The Delhi High Court has held that AMP expenses incurred cannot be termed as an international transaction in absence of evidence and upheld the order of the ITAT.
M/s. Amadeus India Pvt. Ltd, the Assessee filed its return of income (ITR) for AY 2010-11. The Assessing Officer (‘AO’) observed that the Assessee had entered into international transactions with its Associated Enterprises (AEs) and to determine the Arm’s Length Price (‘ALP’) of the said international transactions, the AO referred to the Transfer Pricing Officer (‘TPO’).
During the transfer pricing, the TPO observed that the Assessee has incurred more than normal sales and marketing expenses to build the ‘Amadeus’ brand in India, which is legally owned by the AE i.e. M/s Amadeus IT Group SA (‘Amadeus Spain’). The TPO concluded that AMP constitutes an international transaction between the Assessee and its AE and computed the adjustment by applying the Bright Line method.
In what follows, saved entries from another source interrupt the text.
(* For every $f\in V$, the operator $\mathscr L_f:V\to V$ is not a compact operator; that is, for every neighborhood $U$ of $0$ in $V$, the closure of $\mathscr L_f(U)$ is not compact.
   Context: Let $N\ge2$, $\mathbf A$ an $N\times N$ zero-one aperiodic matrix, $\Sigma_{\mathbf A}^+=\{\omega\in\{1,\dots,N\}^{\mathbb N\cup\{0\}}:\mathbf A(\omega_m\omega_{m+1})=1\ \forall m\}$ with shift $\sigma_{\mathbf A}$. $\mathrm{var}_m(\phi)=\sup\{|\phi(\omega)-\phi(\omega')|:\omega_k=\omega'_k,\ 0\le k\le m-1\}$; $V=\{\phi:\Sigma_{\mathbf A}^+\to\mathbb C:\mathrm{var}_m(\phi)^{1/m}\to0\}$ with the (Fréchet) topology generated by the norms $\|\phi\|_\theta=\|\phi\|_\infty+[\phi]_\theta$, $\theta\in(0,1)$, $[\phi]_\theta$ the Lipschitz constant w.r.t. $d_\theta(\omega,\omega')=\theta^{\min\{m:\omega_m\ne\omega'_m\}}$. $(\mathscr L_f\phi)(\omega)=\sum_{\sigma_{\mathbf A}\omega'=\omega}e^{f(\omega')}\phi(\omega')$. A continuous linear operator $T$ on a metrizable complete topological vector space is compact if the closure of $T(U)$ is compact for some neighborhood $U$ of zero. *)

From Stdlib Require Import Reals List.
From Coquelicot Require Import Coquelicot.
From mathcomp Require Import ssreflect ssrfun ssrbool eqtype ssrnat seq fintype bigop.

Set Implicit Arguments.
Unset Strict Implicit.
Unset Printing Implicit Defensive.

Section Shift.
Variable N : nat.
Variable A : 'I_N -> 'I_N -> bool.  (* zero-one matrix: A i j = true <-> entry 1 *)

(* A is aperiodic: some power A^M (M >= 1) has all entries positive, i.e. for
   all i j there is an A-admissible path of length M from i to j. *)
Definition aperiodic : Prop :=
  exists M : nat, (1 <= M)%N /\
    forall i j : 'I_N, exists w : nat -> 'I_N,
      w 0%N = i /\ w M = j /\ forall k, (k < M)%N -> A (w k) (w k.+1).

Definition Sigma := { w : nat -> 'I_N | forall m, A (w m) (w m.+1) }.

Definition sq (w : Sigma) : nat -> 'I_N := proj1_sig w.

Definition scons (i : 'I_N) (w : nat -> 'I_N) : nat -> 'I_N :=
  fun m => match m with 0 => i | S k => w k end.

Lemma scons_adm (i : 'I_N) (w : Sigma) :
  A i (sq w 0%N) = true -> forall m, A (scons i (sq w) m) (scons i (sq w) m.+1).
Proof. move=> h [|m] //=. exact: (proj2_sig w m). Qed.

Definition pre (i : 'I_N) (w : Sigma) : option Sigma :=
  match A i (sq w 0%N) as b return A i (sq w 0%N) = b -> option Sigma with
  | true => fun h => Some (exist _ (scons i (sq w)) (scons_adm h))
  | false => fun _ => None
  end erefl.

Definition cexp (z : C) : C :=
  (exp (fst z) * cos (snd z), exp (fst z) * sin (snd z))%R.

(* Ruelle transfer operator:
   (L_f phi)(w) = sum_{w' : shift w' = w} e^{f w'} phi w'
   the preimages of w being exactly the admissible i.w *)
Definition transfer (f phi : Sigma -> C) (w : Sigma) : C :=
  \big[Cplus/RtoC 0]_(i < N)
     match pre i w with
     | Some w' => Cmult (cexp (f w')) (phi w')
     | None => RtoC 0
     end.

Definition var (m : nat) (phi : Sigma -> C) : Rbar :=
  Lub_Rbar (fun r => exists w w' : Sigma,
     (forall k, (k < m)%N -> sq w k = sq w' k) /\ r = Cmod (Cminus (phi w) (phi w'))).

(* phi in V  <->  var_m(phi)^{1/m} -> 0, i.e. for every eps > 0,
   eventually var_m(phi) < eps^m *)
Definition inV (phi : Sigma -> C) : Prop :=
  forall eps : R, (0 < eps)%R ->
    exists M : nat, forall m : nat, (M <= m)%N -> Rbar_lt (var m phi) (Rbar.Finite (pow eps m)).

Definition supnorm (phi : Sigma -> C) : Rbar :=
  Lub_Rbar (fun r => exists w : Sigma, r = Cmod (phi w)).

(* n is min{m : w_m <> w'_m}, so that d_theta(w,w') = theta^n *)
Definition first_diff (w w' : Sigma) (n : nat) : Prop :=
  sq w n <> sq w' n /\ forall k, (k < n)%N -> sq w k = sq w' k.

Definition lipconst (theta : R) (phi : Sigma -> C) : Rbar :=
  Lub_Rbar (fun r => exists (w w' : Sigma) (n : nat),
     first_diff w w' n /\ r = (Cmod (Cminus (phi w) (phi w')) / pow theta n)%R).

Definition norm_theta (theta : R) (phi : Sigma -> C) : Rbar :=
  Rbar_plus (supnorm phi) (lipconst theta phi).

Definition fsub (phi psi : Sigma -> C) : Sigma -> C := fun w => Cminus (phi w) (psi w).

(* Neighbourhoods in the (Frechet) topology on V generated by the norms
   ||.||_theta, 0 < theta < 1: U subset of V containing a finite intersection
   of balls {phi in V : ||phi - psi||_theta < eps}. *)
Definition nbhsV (psi : Sigma -> C) (U : (Sigma -> C) -> Prop) : Prop :=
  (forall phi, U phi -> inV phi) /\
  exists (thetas : list R) (eps : R), (0 < eps)%R /\
    (forall theta, In theta thetas -> (0 < theta < 1)%R) /\
    forall phi, inV phi ->
      (forall theta, In theta thetas -> Rbar_lt (norm_theta theta (fsub phi psi)) (Rbar.Finite eps)) ->
      U phi.

Definition openV (O : (Sigma -> C) -> Prop) : Prop :=
  (forall phi, O phi -> inV phi) /\ forall psi, O psi -> nbhsV psi O.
The AO issued a draft order dated 29th March 2014, incorporating the additions made by the TPO. In response to the said draft order, the Assessee filed its objections before the Dispute Resolution Panel (‘DRP’), which were dismissed and the additions made by the AO were upheld. The AO passed the final assessment order dated 23rd February 2015, and made additions which included an additional transfer pricing adjustment for the AMP expenses at Rs. 81,16,72,668/-.
On appeal, the ITAT allowed the appeal and relied upon the order passed by its predecessor bench in Assessee’s case for the AY 2009-10, to delete the said addition of transfer pricing adjustment made on account of AMP expenditure after holding that it does not constitute an international transaction.
Justice Manmohan and Justice Manmeet Pritam Singh Arora observed that AMP expenses incurred by the Assessee cannot be termed as an international transaction and there was no evidence on record to enable the TPO to hold that the expenses were not incurred for the business carried out by the Assessee in India.
The Court held that the ITAT has properly and correctly assessed the fact and law while concluding that the services of AMP are not international transactions in light of the provisions of sub-clause (d) of clause (i) of Explanation to Section 92B of the IT Act, 1961.